The application of New York labor laws was required under the doctrine of interest analysis because the nonprofit required him to attend training in multiple states, the worker said. This argument failed because the laws do not have extraterritorial reach, the court said. Even if the interest analysis applied, the states where the trainee attended training sessions “have a greater interest in regulating the treatment of employees working in their states than New York,” where the trainee neither worked nor trained, the court said.
The court rejected the trainee's claim that a central law should govern working conditions and privileges because the issue is where the employee works, not where the employee lives. Because the trainee “was never employed in or domiciled in New York, he has even less claim to its statutory protections,” it said.
The court rejected the trainee's second argument that the assessor agreement was sufficiently broad to apply to state law claims regarding unpaid wages. New York courts construe contractual choice-of-law provisions narrowly to not bind parties for non-contractual causes of action, the federal court said. Thus, the choice-of-law clause in the agreement “applies only to claims sounding in contract and not statutory causes of action,” it said.
The court rejected the trainee's third argument that the nonprofit implicitly consented to the application of New York laws by maintaining its headquarters in New York City, requiring the use of New York laws through the employment agreement's choice-of-law provision and relying on New York labor laws to defend against wage-and-hour claims. The trainee produced no authority that the acts amounted to implied consent and neither of the two cases he cited supported his position, it said.
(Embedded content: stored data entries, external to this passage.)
(* A vanishing Wronskian forces T to be a constant multiple of S: otherwise
   U = T - (T(u)/S(u)) S is nonzero, vanishes at u and satisfies U' S = U S';
   writing U = q (X - u)^(m+1) with q(u) != 0 and cancelling (X - u)^m yields
   (m+1) q(u) S(u) = 0, which is absurd. *)
Lemma wronskian_eq0 S T u : S.[u] != 0 -> wronskian S T = 0 ->
  T = (T.[u] / S.[u]) *: S.
Proof.
move=> Su W0; set k := T.[u] / S.[u].
apply/eqP; rewrite -subr_eq0; set U := T - k *: S.
have WU : U^`() * S = U * S^`().
  apply/eqP; rewrite -subr_eq0.
  by rewrite -[_ - _]/(wronskian S U) /U -scaleNr addrC wronskian_pencil W0.
have Uu : U.[u] = 0 by rewrite /U !hornerE divfK // subrr.
apply/negPn/negP => U0.
have [[|m] [q /implyP/(_ U0) qu Ue]] := multiplicity_XsubC U u.
  by move: Uu; rewrite Ue expr0 mulr1 => /eqP; rewrite -rootE (negPf qu).
set Z := 'X - u%:P in Ue.
have reduced : (q^`() * Z + q *+ m.+1) * S = q * Z * S^`().
  apply/eqP; rewrite -subr_eq0; apply/eqP.
  have /eqP := WU; rewrite Ue derivM deriv_exp derivXsubC mul1r -subr_eq0.
  have -> : (q^`() * Z ^+ m.+1 + q * (Z ^+ m *+ m.+1)) * S
             - q * Z ^+ m.+1 * S^`()
      = ((q^`() * Z + q *+ m.+1) * S - q * Z * S^`()) * Z ^+ m.
    by rewrite !exprS; ring.
  by rewrite mulf_eq0 expf_eq0 polyXsubC_eq0 andbF orbF => /eqP.
have := congr1 (horner^~ u) reduced.
rewrite /Z !hornerE subrr !mulr0 add0r mul0r => /eqP.
by rewrite hornerMn -mulr_natr !mulf_eq0 pnatr_eq0 (negPf Su) -rootE (negPf qu).
Qed.

(* The pencil is positive at the critical points where S > 0 once L exceeds
   the largest value of -T/S at the (finitely many) roots of the Wronskian;
   if the Wronskian vanishes, T = k S and any L > -k will do. *)
Lemma critical_values_bounded S T : S != 0 ->
  exists B, forall L, B < L -> forall c, root (wronskian S T) c -> 0 < S.[c] ->
    0 < (L *: S + T).[c].
Proof.
move=> S0; have [W0|W0] := eqVneq (wronskian S T) 0.
  have Su : S.[cauchy_bound S] != 0.
    by rewrite -rootE (ge_cauchy_bound S0) // in_itv /= lexx.
  pose k := T.[cauchy_bound S] / S.[cauchy_bound S].
  have TE : T = k *: S := wronskian_eq0 Su W0.
  exists (- k) => L Lk c _ Sc.
  by rewrite TE -scalerDl hornerZ mulr_gt0 //; lra.
pose B := \big[Num.max/0]_(c <- rootsR (wronskian S T)) (- T.[c] / S.[c]).
exists B => L LB c Wc Sc.
have : - T.[c] / S.[c] <= B.
  rewrite /B; apply: (le_bigmax_seq _ _ xpredT (fun z => - T.[z] / S.[z])) => //.
  by rewrite -[_ \in _](roots_onP (roots_on_rootsR W0)).
rewrite ler_pdivrMr // hornerD hornerZ => TB.
have : B * S.[c] < L * S.[c] by rewrite ltr_pM2r.
lra.
Qed.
“If maintaining a New York headquarters constituted consent to the application of New York statutory laws to all its employees, no matter their state of employment, it would swallow the presumption against extraterritoriality, incentivize forum shopping and inevitably create conflicts with other states' labor law,” the court said.
The nonprofit's response to the trainee's state law claims was not considered consent, the court said. The nonprofit responded to the claims so they could be preserved if its motion failed, which does not amount to consent, the court said ( Warman v. Am. Nat'l Standards Inst., 2016 BL 216340, S.D.N.Y., No. 15-CV-5486, 7/6/16 ).
POINTERS: Although attendance at mandatory training sessions may not be compensable under individual state laws, mandatory on-the-job training of employees, including newly hired workers, generally counts as compensable time under the Fair Labor Standards Act.
Time spent attending employer-sponsored training programs and instructional meetings may not be counted as hours worked if four conditions are met:
• The meetings are held outside regular working hours.
• Attendance is truly voluntary.
• The training program or meeting is not directly related to the employee's job.
• The employee does not perform any productive work while attending the course or meeting.
Employer-provided training for pre-hire trainees generally does not count as hours worked as long as training is for the benefit of the trainees, they do not replace regular workers, they are not entitled to a job at the end of the training and the employer and the trainees agree that no wages will be paid during the program.
For more information, see PAG's “ Determining Hours Worked ” chapter.
This analysis illustrates how courts resolve pay-related disputes. The names and dialogue are fictitious.